Normalized particle abundance data, from the only UVP cast that traversed the top 2000 m of the water column, taken on January 13 at 06:13, was smoothed with respect to depth, time, and particle size using a general additive model of the form
\(\ln\left(\frac{E\left(\text{Total}\,\text{Particles}\right)}{\text{Volume}*\text{Binsize}}\right)\,\sim\,s\left(Depth,\,ln\left(\text{Size}\right)\right)\)(Eqn. 4)
In this case, there is a single, two-dimensional, smooth term, rather than additive one-dimensional terms as in Eqn. 3 so that the smooth term can consider interactions between the two parameters, rather than assuming that the terms are additive. The predicted particle numbers at each particle size and depth, as well as particle size distribution spectra, and estimated particle masses of all particles smaller than 500 μm and all particles larger than or equal to 500 μm were then compared to each of Weber and Bianchi’s (2020) models, corresponding to our H1-H3 .

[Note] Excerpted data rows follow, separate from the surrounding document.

(* Let $L$ be a Lelek fan, let $C\subseteq L$ be a subcontinuum of $L$ that is a Cantor fan, and let $f:L\to L$ be an embedding with $f(L)\subseteq C$. Then $f$ does not admit a retraction, i.e. there is no retraction from $L$ onto $f(L)$.
   Context: A continuum is a nonempty compact connected metric space. A dendroid is an arcwise connected, hereditarily unicoherent continuum. A point $x$ of a dendroid $X$ is a ramification point if $x$ is the top (the branch point) of some simple triod in $X$. A fan is a dendroid with at most one ramification point; this point, if it exists, is called the top of the fan. For a fan $X$, a point $x$ is an end point of $X$ if $x$ is an end point of every arc in $X$ containing $x$; $E(X)$ denotes the set of end points of $X$. A fan $X$ with top $v$ is smooth if for every $x\in X$ and every sequence $x_n\to x$ in $X$, the arcs from $v$ to $x_n$ converge (in the Hausdorff metric) to the arc from $v$ to $x$. A Lelek fan is a smooth fan $X$ with $\mathrm{Cl}(E(X))=X$. A Cantor fan is a continuum homeomorphic to $\bigcup_{c\in C}A_c\subseteq\mathbb R^2$, where $C\subseteq[0,1]$ is the Cantor middle-third set and $A_c$ is the straight segment from $(\tfrac12,0)$ to $(c,1)$. An embedding is a continuous map that is a homeomorphism onto its image. A retraction from a space $X$ onto a subspace $Y$ is a continuous map $r:X\to Y$ with $r(y)=y$ for all $y\in Y$; an embedding $f:X\to Z$ admits a retraction if there is a retraction from $Z$ onto $f(X)$. *)

From HB Require Import structures.
From mathcomp Require Import all_boot all_order all_algebra.
From mathcomp Require Import all_classical all_reals all_analysis.
Set Implicit Arguments. Unset Strict Implicit. Unset Printing Implicit Defensive.
Import Order.TTheory GRing.Theory Num.Theory.
Import numFieldNormedType.Exports.
Local Open Scope classical_set_scope.
Local Open Scope ring_scope.

Section Embed.
Context {U V : topologicalType}.
Definition embed_on (A : set U) (g : U -> V) : Prop :=
  {within A, continuous g} /\
  (forall x y, A x -> A y -> g x = g y -> x = y) /\
  exists h : V -> U, {within g @` A, continuous h} /\ (forall x, A x -> h (g x) = x).
End Embed.

Definition unit_interval (R : realType) : set R := [set t : R | 0 <= t <= 1].

Section Continua.
Context {R : realType} {T : pseudoMetricType R}.

Definition continuum (A : set T) : Prop :=
  A !=set0 /\ compact A /\ connected A.

Definition arc_from (a b : T) (A : set T) : Prop :=
  exists g : R -> T, embed_on (@unit_interval R) g /\
    g @` (@unit_interval R) = A /\ g 0 = a /\ g 1 = b.

Definition arc (A : set T) : Prop := exists a b, arc_from a b A.

Definition arc_end (A : set T) (x : T) : Prop := exists b, arc_from x b A.

Definition arcwise_connected (X : set T) : Prop :=
  forall x y, X x -> X y -> x <> y -> exists A, A `<=` X /\ arc_from x y A.

Definition hered_unicoherent (X : set T) : Prop :=
  forall P Q, P `<=` X -> Q `<=` X -> continuum P -> continuum Q ->
    connected (P `&` Q).

Definition dendroid (X : set T) : Prop :=
  continuum X /\ arcwise_connected X /\ hered_unicoherent X.

(* x is the top of a simple triod contained in X *)
Definition ramification_point (X : set T) (x : T) : Prop :=
  exists (a1 a2 a3 : T) (A1 A2 A3 : set T),
    [/\ arc_from x a1 A1, arc_from x a2 A2 & arc_from x a3 A3] /\
    [/\ A1 `&` A2 = [set x], A1 `&` A3 = [set x] & A2 `&` A3 = [set x]] /\
    A1 `|` A2 `|` A3 `<=` X.

Definition fan (X : set T) : Prop :=
  dendroid X /\
  (forall x y, ramification_point X x -> ramification_point X y -> x = y).

Definition end_points (X : set T) : set T :=
  [set x | X x /\ forall A, arc A -> A `<=` X -> A x -> arc_end A x].

Definition arc_in (X : set T) (a b : T) (B : set T) : Prop :=
  (a = b /\ B = [set a]) \/ (a <> b /\ B `<=` X /\ arc_from a b B).

Definition eps_nbhd (B : set T) (e : R) : set T :=
  [set y | exists2 b, B b & ball b e y].

Definition hausdorff_cvg (Bn : nat -> set T) (B : set T) : Prop :=
  forall e : R, 0 < e -> exists N : nat, forall n : nat, (N <= n)%N ->
    Bn n `<=` eps_nbhd B e /\ B `<=` eps_nbhd (Bn n) e.

Definition smooth_fan (X : set T) : Prop :=
  fan X /\ exists v, ramification_point X v /\
    forall (x : T) (u : nat -> T), (forall n, X (u n)) -> X x ->
      u @ \oo --> x ->
      forall (Bn : nat -> set T) (B : set T),
        (forall n, arc_in X v (u n) (Bn n)) -> arc_in X v x B ->
        hausdorff_cvg Bn B.

Definition lelek_fan (X : set T) : Prop :=
  smooth_fan X /\ closure (end_points X) = X.
End Continua.

Section CantorFan.
Context {R : realType}.

Fixpoint cantor_approx (n : nat) : set R :=
  match n with
  | 0 => @unit_interval R
  | n'.+1 => ((fun x => x / 3) @` cantor_approx n') `|`
             ((fun x => 2 / 3 + x / 3) @` cantor_approx n')
  end.

Definition cantor_set : set R := \bigcap_(n in [set: nat]) cantor_approx n.

Definition fan_segment (c : R) : set (R * R) :=
  [set ((1 - t) * (1 / 2) + t * c, t) | t in @unit_interval R].

Definition cantor_fan_model : set (R * R) :=
  \bigcup_(c in cantor_set) fan_segment c.

Definition cantor_fan {T : topologicalType} (A : set T) : Prop :=
  exists g : R * R -> T, embed_on cantor_fan_model g /\ g @` cantor_fan_model = A.
End CantorFan.

(* Transport everything to the planar model of the Cantor fan: [f] becomes
   an embedding [phi] of the Lelek fan into the model, and a retraction onto
   the range of [f] becomes a retraction [rho] of the model onto the image [K]
   of [phi].  Off its top the model is a disjoint union of segments (legs)
   indexed by the Cantor set, which is totally disconnected, so a path that
   avoids the top stays in one leg; hence [K], being arcwise connected,
   contains a nondegenerate segment of some leg.  End points are dense, so
   some end point [e] has [phi e] near the middle of that segment.  An arc to
   [e] from a point over the bottom of the segment covers the part of the leg
   of [phi e] just below [phi e]; and [rho], which fixes the segment and hence
   barely moves heights on nearby legs, maps the part just above [phi e] to a
   path climbing strictly higher without reaching the top.  So [phi e] lies
   inside a segment of [K], whose preimage is an arc through [e] that [e] does
   not end. *)

From Pilot Require Import Defs.
From mathcomp Require Import all_boot all_order all_algebra.
From mathcomp Require Import all_classical all_reals all_analysis.
From mathcomp Require Import ring lra.
(* Every pairwise linked lobster is graceful.
   Context: A graph $G=(V,E)$ with $m$ edges is graceful if there is an injective $f:V\to\{0,\ldots,m\}$ (a graceful labeling) with the edge labels $|f(u)-f(v)|$, $uv\in E$, pairwise distinct. A lobster is a tree whose base (the tree obtained by deleting all degree-one vertices) is a caterpillar, a caterpillar being a tree whose base is a path. A lobster $L$ is described by a spine, a path $(v_1,\ldots,v_r)$, together with, for each $i$, a tree $F_i$ (the lobe at $v_i$), the lobes pairwise vertex-disjoint and each meeting the spine only in $v_i$, with $L$ the union of the spine and the lobes; each lobe $F_i$ consists of $v_i$, vertices $u_{i1},\ldots,u_{is_i}$ ($s_i\ge 0$) adjacent to $v_i$, and for each $j$ some $k_{ij}\ge0$ further vertices adjacent only to $u_{ij}$. If $k_{ij}=0$, $u_{ij}$ is a pendant vertex at $v_i$; the reduced lobe $F'_i$ is $F_i$ with all pendant vertices at $v_i$ deleted. For two vertex-disjoint graceful graphs $G_1,G_2$ with given graceful labelings, $G_1\circ G_2$ denotes the graph obtained by identifying the maximum-labeled vertex of $G_1$ with the maximum-labeled vertex of $G_2$. $L$ is pairwise linked if there are trees $G_1,\ldots,G_r$ of diameter $4$, each with a graceful labeling in which its central vertex has the maximum label, such that $F'_i\cong G_i\circ G_{i+1}$ for each $i=1,\ldots,r-1$ and $F'_r\cong G_r$. *)

From mathcomp Require Import all_boot.
Unset Printing Implicit Defensive.

Record graph := Graph { vtx : finType; adj : rel vtx }.
Arguments adj {g}.
Lemma bin_le_exp2 n k : 'C(n, k) <= 2 ^ n.
Proof. by rewrite -{1 2}(card_ord n) -card_draws -card_set_type max_card. Qed.

Lemma prime_dvd_fact_le p n : prime p -> p %| n`! -> p <= n.
Proof.
move=> p_pr; elim: n => [|n IH]; first by rewrite dvdn1 => /eqP p1; rewrite p1 in p_pr.
by rewrite factS Euclid_dvdM // => /orP [/(dvdn_leq (ltn0Sn n)) | /IH /leqW].
Qed.

Lemma prime_dvd_central_bin h p : prime p -> h < p <= h.*2 -> p %| 'C(h.*2, h).
Proof.
move=> p_pr /andP [lt_hp le_p2h].
have : p %| h.*2`! by rewrite dvdn_fact // prime_gt0.
rewrite -addnn -(bin_fact (leq_addr h h)) addnK !Euclid_dvdM //.
by case/orP=> // /orP [] /(prime_dvd_fact_le p_pr); rewrite leqNgt lt_hp.
Qed.

Lemma prod_primes_dvd (s : seq nat) n :
  uniq s -> all prime s -> all (dvdn^~ n) s -> \prod_(p <- s) p %| n.
Proof.
elim: s => [|p s IH] /=; first by rewrite big_nil dvd1n.
case/andP=> p_s s_uniq /andP [p_pr s_pr] /andP [p_n s_n].
rewrite big_cons Gauss_dvd ?p_n ?IH // prime_coprime // Euclid_dvd_prod // big_has.
apply/hasPn => q q_s; rewrite dvdn_prime2 ?(allP s_pr q q_s) //.
by apply: contraNneq p_s => ->.
Qed.

Lemma exp_size_le_prod (s : seq nat) h : all (leq h) s -> h ^ size s <= \prod_(p <- s) p.
Proof.
elim: s => [|p s IH] /=; first by rewrite big_nil.
by case/andP=> le_hp /IH; rewrite big_cons expnS; apply: leq_mul.
Qed.

Lemma exp_count_primes_le h : h ^ count prime (iota h.+1 h) <= 4 ^ h.
Proof.
set t := [seq p <- iota h.+1 h | prime p].
have t_prime : all prime t := filter_all prime _.
have t_range : all (fun p => h < p <= h.*2) t.
  by apply/allP => p; rewrite mem_filter mem_iota -addnn; lia.
have t_ge : all (leq h) t by apply/allP => p /(allP t_range) /andP [/ltnW].
rewrite -size_filter -/t; apply: leq_trans (exp_size_le_prod t_ge) _.
apply: leq_trans (_ : 'C(h.*2, h) <= _).
  apply: dvdn_leq; first by rewrite bin_gt0 -addnn leq_addr.
  rewrite prod_primes_dvd ?filter_uniq ?iota_uniq //.
  by apply/allP => p p_t; rewrite prime_dvd_central_bin ?(allP t_prime) ?(allP t_range).
by rewrite (_ : 4 ^ h = 2 ^ h.*2) ?bin_le_exp2 // -muln2 mulnC expnM.
Qed.

Lemma mul_count_primes_lt r h : 4 ^ r < h -> r * count prime (iota h.+1 h) < h.
Proof.
set c := count _ _ => lt_4r_h; rewrite ltnNge; apply/negP => le_h_rc.
have h_gt0 : 0 < h by apply: leq_ltn_trans lt_4r_h.
have r_gt0 : 0 < r by case: r le_h_rc lt_4r_h => //; lia.
have : h ^ h <= (4 ^ r) ^ h.
  apply: leq_trans (leq_pexp2l h_gt0 le_h_rc) _.
  have -> : (4 ^ r) ^ h = (4 ^ h) ^ r by rewrite -!expnM mulnC.
  by rewrite mulnC expnM leq_exp2r // exp_count_primes_le.
by rewrite leqNgt ltn_exp2r ?lt_4r_h.
Qed.

Lemma prime_pi_mul_le r N : r * prime_pi N <= r * (4 ^ r).*2.+3 + N.*2.
Proof.
rewrite /prime_pi; elim/ltn_ind: N => N IH.
have [small|large] := leqP N (4 ^ r).*2.+2.
  apply: leq_trans (leq_addr _ _); rewrite leq_mul2l.
  by rewrite (leq_trans (count_size _ _)) ?orbT // size_iota.
set h := N./2; have N_eq : N = h.*2 + odd N by rewrite addnC odd_double_half.
have odd_le1 := leq_b1 (odd N).
have lt_4r_h : 4 ^ r < h by move: large; rewrite {1}N_eq -!addnn; lia.
have lt_r_4r : r < 4 ^ r by apply: ltn_expl.
have split_count : count prime (iota 0 N.+1)
    <= count prime (iota 0 h.+1) + count prime (iota h.+1 h) + 1.
  rewrite {1}N_eq (_ : (h.*2 + odd N).+1 = h.+1 + h + odd N); last by rewrite -addnn; lia.
  rewrite !iotaD !count_cat add0n leq_add2l.
  by rewrite (leq_trans (count_size _ _)) // size_iota.
have lt_hN : h < N by move: N_eq lt_4r_h; rewrite -addnn; lia.
have IHh := IH h lt_hN; have rc_lt := mul_count_primes_lt lt_4r_h.
apply: leq_trans (leq_mul (leqnn r) split_count) _.
move: IHh rc_lt N_eq lt_4r_h lt_r_4r; rewrite -!addnn; lia.
Qed.

Section SubsetsByCard.
Variable T : finType.

Definition subsets_by_card : seq {set T} :=
  sort (fun A B : {set T} => #|A| <= #|B|) (enum {set T}).

Lemma size_subsets_by_card : size subsets_by_card = 2 ^ #|T|.
Proof. by rewrite size_sort -cardT card_set_type. Qed.

Lemma uniq_subsets_by_card : uniq subsets_by_card.
Proof. by rewrite sort_uniq enum_uniq. Qed.

Lemma count_card_subsets_by_card c :
  count (fun A : {set T} => #|A| == c) subsets_by_card = 'C(#|T|, c).
Proof.
rewrite (permP (permEl (perm_sort _ _))) -card_draws cardE /enum_mem size_filter.
by rewrite count_filter; apply: eq_count => A; rewrite !inE andbT.
Qed.

Lemma card_subsets_by_card_mono p q : p <= q < 2 ^ #|T| ->
  #|nth finset.set0 subsets_by_card p| <= #|nth finset.set0 subsets_by_card q|.
Proof.
case/andP=> le_pq lt_q.
have sorted_s : sorted (fun A B : {set T} => #|A| <= #|B|) subsets_by_card.
  by apply: sort_sorted => A B; exact: leq_total.
apply: (sorted_leq_nth _ _ finset.set0 sorted_s) => //.
- by move=> B A C; exact: leq_trans.
- by rewrite inE size_subsets_by_card (leq_ltn_trans le_pq).
- by rewrite inE size_subsets_by_card.
Qed.

Lemma card_subsets_by_card_gap p q : p < q < 2 ^ #|T| ->
  #|nth finset.set0 subsets_by_card p| = #|nth finset.set0 subsets_by_card q| ->
  q - p < 'C(#|T|, #|nth finset.set0 subsets_by_card p|).
Proof.
case/andP=> lt_pq lt_q eq_card; set s := subsets_by_card; set c := #|nth finset.set0 s p|.
set mid := take (q - p).+1 (drop p s).
have size_mid : size mid = (q - p).+1.
  by rewrite size_take size_drop size_subsets_by_card; case: ifP => //; lia.
have mid_c : all (fun A : {set T} => #|A| == c) mid.
  apply/(all_nthP finset.set0) => i; rewrite size_mid => lt_i.
  rewrite nth_take // nth_drop eqn_leq; apply/andP; split.
    by rewrite /c eq_card card_subsets_by_card_mono //; lia.
  by rewrite card_subsets_by_card_mono //; lia.
rewrite -count_card_subsets_by_card -/s -(cat_take_drop p s) count_cat.
rewrite -(cat_take_drop (q - p).+1 (drop p s)) count_cat -/mid.
by move: mid_c; rewrite all_count size_mid => /eqP ->; lia.
Qed.

End SubsetsByCard.

Section CardBlocks.
Variables (T : finType) (G M : nat).
Hypotheses (GM_le : G * M <= 2 ^ #|T|) (bin_le : forall c, 'C(#|T|, c) <= G).

Definition block_subset (g j : nat) : {set T} := nth finset.set0 (subsets_by_card T) (g + j * G).

Lemma block_index_lt g j : g < G -> j < M -> g + j * G < 2 ^ #|T|.
Proof.
move=> lt_g lt_j; apply: leq_trans _ GM_le; apply: (@leq_trans (j.+1 * G)).
  by rewrite mulSn ltn_add2r.
by rewrite (mulnC G) leq_mul2r lt_j orbT.
Qed.

Lemma block_subset_inj g j g' j' : g < G -> j < M -> g' < G -> j' < M ->
  block_subset g j = block_subset g' j' -> g = g' /\ j = j'.
Proof.
move=> lt_g lt_j lt_g' lt_j' /eqP.
rewrite /block_subset nth_uniq ?size_subsets_by_card ?block_index_lt ?uniq_subsets_by_card //.
move/eqP=> eq_idx; have eq_g : g = g'.
  by move: (congr1 (modn^~ G) eq_idx); rewrite !(addnC _ (_ * G)) !modnMDl !modn_small.
split=> //; move: eq_idx; rewrite eq_g => /addnI /eqP.
by rewrite eqn_mul2r (gtn_eqF (leq_ltn_trans (leq0n g) lt_g)) => /eqP.
Qed.

Lemma card_block_subset_inj g j j' : g < G -> j < M -> j' < M ->
  #|block_subset g j| = #|block_subset g j'| -> j = j'.
Proof.
move=> lt_g; wlog lt_jj' : j j' / j < j'.
  move=> gen lt_j lt_j' eq_card; case: (ltngtP j j') => [lt|lt|//].
  - exact: gen.
  - by apply/esym/gen.
move=> lt_j lt_j' eq_card; have := @card_subsets_by_card_gap T (g + j * G) (g + j' * G).
rewrite ltn_add2l ltn_mul2r lt_jj' block_index_lt // (leq_ltn_trans (leq0n g) lt_g).
move=> /(_ isT eq_card) /leq_trans /(_ (bin_le _)).
have : j.+1 * G <= j' * G by rewrite leq_mul2r lt_jj' orbT.
by rewrite mulSn; lia.
Qed.

End CardBlocks.

Lemma prime_dvd_prod_set (I : finType) (F : I -> nat) (A : {set I}) q :
  prime q -> (forall i, prime (F i)) ->
  q %| \prod_(i in A) F i -> exists2 i, i \in A & q = F i.
Proof.
move=> q_pr F_pr; rewrite Euclid_dvd_prod // big_has_cond => /hasP [i _ /andP [i_A]].
by rewrite dvdn_prime2 // => /eqP q_F; exists i.
Qed.

Lemma dvdn_prod_set (I : finType) (F : I -> nat) (A : {set I}) i :
  i \in A -> F i %| \prod_(i in A) F i.
Proof. by move=> i_A; rewrite (bigD1 i) //= dvdn_mulr. Qed.

Lemma prod_prime_sets_subset (I J : finType) (F : I -> nat) (H : J -> nat)
    (S S' : {set I}) (T T' : {set J}) :
  (forall i, prime (F i)) -> (forall j, prime (H j)) -> injective F ->
  (forall i j, F i != H j) ->
  \prod_(i in S) F i * \prod_(j in T) H j = \prod_(i in S') F i * \prod_(j in T') H j ->
  S \subset S'.
Proof.
move=> F_pr H_pr F_inj FH_neq eq_prod; apply/fintype.subsetP => i i_S.
have : F i %| \prod_(i in S') F i * \prod_(j in T') H j.
  by rewrite -eq_prod dvdn_mulr // dvdn_prod_set.
rewrite Euclid_dvdM // => /orP [/(prime_dvd_prod_set (F_pr i) F_pr) | ].
  by case=> i' i'_S' /F_inj ->.
by case/(prime_dvd_prod_set (F_pr i) H_pr) => j _ eq_FH; move: (FH_neq i j); rewrite eq_FH eqxx.
Qed.

Lemma prod_prime_sets_inj (I J : finType) (F : I -> nat) (H : J -> nat)
    (S S' : {set I}) (T T' : {set J}) :
  (forall i, prime (F i)) -> (forall j, prime (H j)) -> injective F -> injective H ->
  (forall i j, F i != H j) ->
  \prod_(i in S) F i * \prod_(j in T) H j = \prod_(i in S') F i * \prod_(j in T') H j ->
  S = S' /\ T = T'.
Proof.
move=> F_pr H_pr F_inj H_inj FH_neq eq_prod.
have HF_neq j i : H j != F i by rewrite eq_sym.
have eq_prod' := eq_prod; rewrite mulnC [RHS]mulnC in eq_prod'.
split; apply/eqP; rewrite finset.eqEsubset.
  by rewrite (prod_prime_sets_subset F_pr H_pr F_inj FH_neq eq_prod)
             (prod_prime_sets_subset F_pr H_pr F_inj FH_neq (esym eq_prod)).
by rewrite (prod_prime_sets_subset H_pr F_pr H_inj HF_neq eq_prod')
           (prod_prime_sets_subset H_pr F_pr H_inj HF_neq (esym eq_prod')).
Qed.

Section SumGap.
Local Open Scope ring_scope.
Variables (R : realFieldType) (I : finType) (u : I -> R) (lo hi : R).
Hypothesis u_range : forall i, lo <= u i <= hi.
(* Let $(\eta_t)$ be an irreducible continuous-time Markov chain on a finite set $E$ with jump rates $R(\eta,\xi)$ and invariant probability $\mu$. Let $R^s(\eta,\xi)=\tfrac12\{R(\eta,\xi)+\mu(\xi)R(\xi,\eta)/\mu(\eta)\}$ be the rates of the reversible chain, and denote by $\mathrm{Cap}$ and $\mathrm{Cap}^s$ the capacities with respect to the original and the reversible chain. Then for any two disjoint nonempty subsets $A,B$ of $E$, $$\mathrm{Cap}^s(A,B)\le\mathrm{Cap}(A,B)\le2|E|\,\mathrm{Cap}^s(A,B).$$
   Context: For a chain on $E$ with rates $Q(\eta,\xi)$, holding rates $\lambda(\eta)=\sum_{\xi\ne\eta}Q(\eta,\xi)$ and invariant probability $\mu$, the capacity between disjoint nonempty $A,B$ is $\sum_{\eta\in A}\mu(\eta)\lambda(\eta)\mathbb P_\eta[H_B<H^+_A]$, where $H_B=\inf\{t>0:\eta_t\in B\}$, $H^+_A=\inf\{t>\tau_1:\eta_t\in A\}$ and $\tau_1$ is the first jump time. (The reversible chain with rates $R^s$ has $\mu$ as reversible invariant measure.) *)

(* the state space E is {0,...,n-1} (so |E| = n); real rates. *)
From Stdlib Require Import Reals List Relations ClassicalEpsilon.
Open Scope R_scope.

Definition rsum (n : nat) (f : nat -> R) : R :=
  fold_right Rplus 0 (map f (seq 0 n)).

Definition hold (n : nat) (Q : nat -> nat -> R) (x : nat) : R :=
  rsum n (fun y => if Nat.eqb y x then 0 else Q x y).

(* transition probabilities of the embedded jump chain: Q(x,y)/lambda(x), y <> x *)
Definition jump (n : nat) (Q : nat -> nat -> R) (x y : nat) : R :=
  if Nat.eqb y x then 0 else Q x y / hold n Q x.

(* hitB K x = P_x[ the jump chain, started at x (time 0 included), hits B
   within K jumps and before hitting A ]  (sum over the corresponding paths) *)
Fixpoint hitB (n : nat) (Q : nat -> nat -> R) (A B : nat -> bool) (K : nat) (x : nat) : R :=
  match K with
  | O => if B x then 1 else 0
  | S K' => if B x then 1 else if A x then 0
            else rsum n (fun y => jump n Q x y * hitB n Q A B K' y)
  end.

(* P_x[ H_B < H_A^+ and H_B occurs within the first K+1 jumps ]:
   first jump, then hit B before A (time 0 after the jump included). *)
Definition escape_le (n : nat) (Q : nat -> nat -> R) (A B : nat -> bool) (K : nat) (x : nat) : R :=
  rsum n (fun y => jump n Q x y * hitB n Q A B K y).

Definition lim (u : nat -> R) : R :=
  epsilon (inhabits 0) (fun l => Un_cv u l).

(* P_x[ H_B < H_A^+ ] = increasing limit over the number of jumps *)
Definition escape (n : nat) (Q : nat -> nat -> R) (A B : nat -> bool) (x : nat) : R :=
  lim (fun K => escape_le n Q A B K x).

Definition capacity (n : nat) (Q : nat -> nat -> R) (mu : nat -> R) (A B : nat -> bool) : R :=
  rsum n (fun x => if A x then mu x * hold n Q x * escape n Q A B x else 0).

Definition valid_rates (n : nat) (Q : nat -> nat -> R) : Prop :=
  forall x y, (x < n)%nat -> (y < n)%nat -> x <> y -> 0 <= Q x y.

Definition irreducible (n : nat) (Q : nat -> nat -> R) : Prop :=
  forall x y, (x < n)%nat -> (y < n)%nat ->
    clos_refl_trans nat
      (fun a b => (a < n)%nat /\ (b < n)%nat /\ a <> b /\ 0 < Q a b) x y.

Modeling remineralization and sinking

To quantify disaggregation, our goal was to compare the particle size-abundance spectrum at each depth to a prediction of the null hypothesis, that it is simply governed by the effects of sinking and remineralization reshaping the spectrum observed shallower in the water column. This prediction is generated using the particle remineralization and sinking model (PRiSM), modified from DeVries et al. (2014), which we applied to the shallower spectrum as an initial condition. The difference between the null hypotheses prediction and observation indicates the role of processes not accounted for in PRiSM, such as disaggregation, aggregation, and active or advective transport of particles with a different size spectrum than the ones seen at the deeper depth.
In practice we expanded the previous numerical implementation of PRiSM to allow for particle size distribution spectra with particle-size bins that match those obtained by the UVP, and to return estimates of the number of particles in those same size bins (Text S1). The model accepts inputs of particle size distributions at each depth, and changes in particle flux between each depth-bin and the next, deeper, depth-bin. The model optimizes a particle remineralization rate that would result in that observed flux loss. It finally returns a “predicted” particle size distribution spectrum that has total flux equal to the flux of the observed deeper spectrum that would be expected if the shallower spectrum only sank and remineralized. In cases where flux increased with depth, particles are assumed to put on mass rather than lose mass following a negative remineralization rate. Here, “negative remineralization” stands in for chemoautotrophy, active transport, and other processes that result in flux increases with depth. While these processes likely have more complex effect on the particle size distribution than is accounted for in our model, we note that flux increases with depth are very rare, and that allowing for negative remineralization allows our null model to be robust in those rare cases.